(* Let $\mathfrak g$ be of type $C_n$. For $s\ge1$, $\mathbf A_s=\mathbf A^1_s\sqcup\mathbf A^2_s$ where $$\mathbf A^1_s=\bigl\{\{\beta_{i_k,j_k}\}_{1\le k\le s}:\ i_k,j_k\in I\setminus\{n\},\ i_1<\dots<i_s\le j_s<j_{s-1}<\dots<j_1\bigr\},$$ $$\mathbf A^2_s=\bigl\{\{\alpha_{\ell,n}\}\cup\{\beta_{i_k,j_k}\}_{1\le k\le s-1}:\ \{\beta_{i_k,j_k}\}_{1\le k\le s-1}\in\mathbf A^1_{s-1},\ \ell\in I,\ \ell<i_1\bigr\}$$ (for $s=1$, $\mathbf A^2_1=\{\{\alpha_{\ell,n}\}:\ell\in I\}$). Moreover $\#\mathbf A^1_s=\binom{n-1}{2s}+\binom{n-1}{2s-1}$, $\#\mathbf A^2_s=\binom{n-1}{2s-1}+\binom{n-1}{2s-2}$, and $\sum_{s\ge0}\#\mathbf A_s=2^n$.
   Context: Simple roots $\alpha_1,\dots,\alpha_n$ of $C_n$ numbered as in Bourbaki ($\alpha_n$ long), $I=\{1,\dots,n\}$. Set $\alpha_{i,j}=\alpha_i+\dots+\alpha_j$ for $i\le j$ and $\beta_{k,\ell}=\alpha_{k,n-1}+\alpha_{\ell,n}$ for $k\le\ell$ in $I\setminus\{n\}$; then $R^+=\{\alpha_{i,j}\}\cup\{\beta_{k,\ell}\}$ and $\theta=\beta_{1,1}$. Partial order: $\lambda\le\mu$ iff $\mu-\lambda$ is a nonnegative integer combination of simple roots. An antichain is a subset of $R^+$ of pairwise incomparable elements; $\Phi(A)=\{\alpha\in R^+:\alpha\ge\beta$ for some $\beta\in A\}$; $A$ is abelian if $\beta_1+\beta_2\notin R$ for all $\beta_1,\beta_2\in\Phi(A)$. $\mathbf A_s$ is the set of abelian antichains with $s$ elements; $\mathbf A_0$ and $\mathbf A^1_0$ consist of the empty antichain. Convention: $\binom{m}{k}=0$ if $k>m$ or $k<0$. *)

From HB Require Import structures.
From mathcomp Require Import all_boot all_order all_algebra.
Set Implicit Arguments. Unset Strict Implicit. Unset Printing Implicit Defensive.
Import Order.TTheory GRing.Theory Num.Theory.
(* For odd n, the squared abundancy is controlled by the
   abundancy itself through the logarithmic inequality
       ln(4/3) * ln I(n^2) <= ln(13/9) * ln I(n).                       (K)
   Since sigma, hence I, is multiplicative on coprime arguments, (K) reduces
   to odd prime powers x = p^a.  There sigma(x^2) + x = sigma(x) * (1 + x)
   and x + 1 <= sigma(x) <= 3x/2; for x >= 5 this forces
   I(x^2)^4 <= I(x)^5, which together with (4/3)^5 <= (13/9)^4 gives (K);
   the remaining case x = 3 is the equality case I(3) = 4/3, I(9) = 13/9.
   For an odd perfect number q^k n^2 in Eulerian form we have q >= 5, so
   I(q^k) < q/(q-1) <= 5/4 and I(n^2) = 2 / I(q^k) > 8/5.  Feeding this
   into (K) and exponentiating yields I(n) > (8/5)^(ln(4/3)/ln(13/9)).
   The divisor sum is written Defs.sigma because the Reals library exports
   an unrelated function named sigma. *)

Lemma divisors_coprime_mul m n : 0 < m -> 0 < n -> coprime m n ->
  perm_eq (divisors (m * n)) [seq d1 * d2 | d1 <- divisors m, d2 <- divisors n].
Proof.
move=> m_gt0 n_gt0 cop_mn.
have mn_gt0 : 0 < m * n by rewrite muln_gt0 m_gt0 n_gt0.
apply: uniq_perm; first exact: divisors_uniq.
  apply: allpairs_uniq; try exact: divisors_uniq.
  move=> [a b] [c d] /allpairsP[[a' b'] /= [Ha Hb [-> ->]]].
  move=> /allpairsP[[c' d'] /= [Hc Hd [-> ->]]] /= eq_prod.
  rewrite -!dvdn_divisors // in Ha Hb Hc Hd.
  have cop_bm : coprime b' m by rewrite coprime_sym (coprime_dvdr Hb cop_mn).
  have cop_dm : coprime d' m by rewrite coprime_sym (coprime_dvdr Hd cop_mn).
  have cop_an : coprime a' n by rewrite (coprime_dvdl Ha cop_mn).
  have cop_cn : coprime c' n by rewrite (coprime_dvdl Hc cop_mn).
  have -> : a' = c'.
    have := congr1 (gcdn m) eq_prod.
    rewrite Gauss_gcdl 1?coprime_sym // Gauss_gcdl 1?coprime_sym //.
    by rewrite (gcdn_idPr Ha) (gcdn_idPr Hc).
  have -> // : b' = d'.
  have := congr1 (gcdn n) eq_prod.
  rewrite Gauss_gcdr 1?coprime_sym // Gauss_gcdr 1?coprime_sym //.
  by rewrite (gcdn_idPr Hb) (gcdn_idPr Hd).
move=> d; apply/idP/idP; last first.
  move=> /allpairsP[[a b] /= [Ha Hb ->]].
  rewrite -!dvdn_divisors // in Ha Hb *.
  exact: dvdn_mul.
rewrite -dvdn_divisors // => dvd_d.
apply/allpairsP; exists (gcdn m d, gcdn n d) => /=.
split; rewrite -?dvdn_divisors ?dvdn_gcdl //.
apply/eqP; rewrite eqn_dvd; apply/andP; split.
  have dvd_dn : d %| gcdn m d * n by rewrite muln_gcdl dvdn_gcd dvd_d dvdn_mulr.
  by rewrite muln_gcdr dvdn_gcd dvd_dn dvdn_mull.
rewrite Gauss_dvd ?dvdn_gcdr //.
exact: (coprime_dvdl (dvdn_gcdl _ _) (coprime_dvdr (dvdn_gcdl _ _) cop_mn)).
Qed.

Lemma sigma_coprime_mul m n : 0 < m -> 0 < n -> coprime m n ->
  Defs.sigma (m * n) = Defs.sigma m * Defs.sigma n.
Proof.
move=> m_gt0 n_gt0 cop_mn.
rewrite /Defs.sigma (perm_big _ (divisors_coprime_mul m_gt0 n_gt0 cop_mn)).
rewrite big_allpairs_dep /= big_distrl /=.
by apply: eq_bigr => a _; rewrite big_distrr.
Qed.

Lemma sigma_prime_power p a : prime p -> Defs.sigma (p ^ a) = \sum_(i < a.+1) p ^ i.
Proof.
move=> p_pr; have p_gt1 := prime_gt1 p_pr.
have pa_gt0 : 0 < p ^ a by rewrite expn_gt0 prime_gt0.
have divs : perm_eq (divisors (p ^ a)) [seq p ^ i | i <- iota 0 a.+1].
  apply: uniq_perm; first exact: divisors_uniq.
    by rewrite map_inj_uniq ?iota_uniq //; exact: expnI.
  move=> d; rewrite -dvdn_divisors //; apply/dvdn_pfactor/mapP => //.
    by move=> [i Hi ->]; exists i => //; rewrite mem_iota /= add0n ltnS.
  by move=> [i Hi ->]; exists i => //; move: Hi; rewrite mem_iota /= add0n ltnS.
by rewrite /Defs.sigma (perm_big _ divs) big_map -(big_mkord xpredT) /index_iota subn0.
Qed.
========
> **WORK REQUEST**
Retype only the stretch of lines above starting at the one with "by apply: eq_bigr => a _; rewrite big_distrr." and stopping at the one with "have divs : perm_eq", exactly as written, with both kept.

> **RESPONSE TO THE TASK**
by apply: eq_bigr => a _; rewrite big_distrr.
Qed.

Lemma sigma_prime_power p a : prime p -> Defs.sigma (p ^ a) = \sum_(i < a.+1) p ^ i.
Proof.
move=> p_pr; have p_gt1 := prime_gt1 p_pr.
have pa_gt0 : 0 < p ^ a by rewrite expn_gt0 prime_gt0.
have divs : perm_eq (divisors (p ^ a)) [seq p ^ i | i <- iota 0 a.+1].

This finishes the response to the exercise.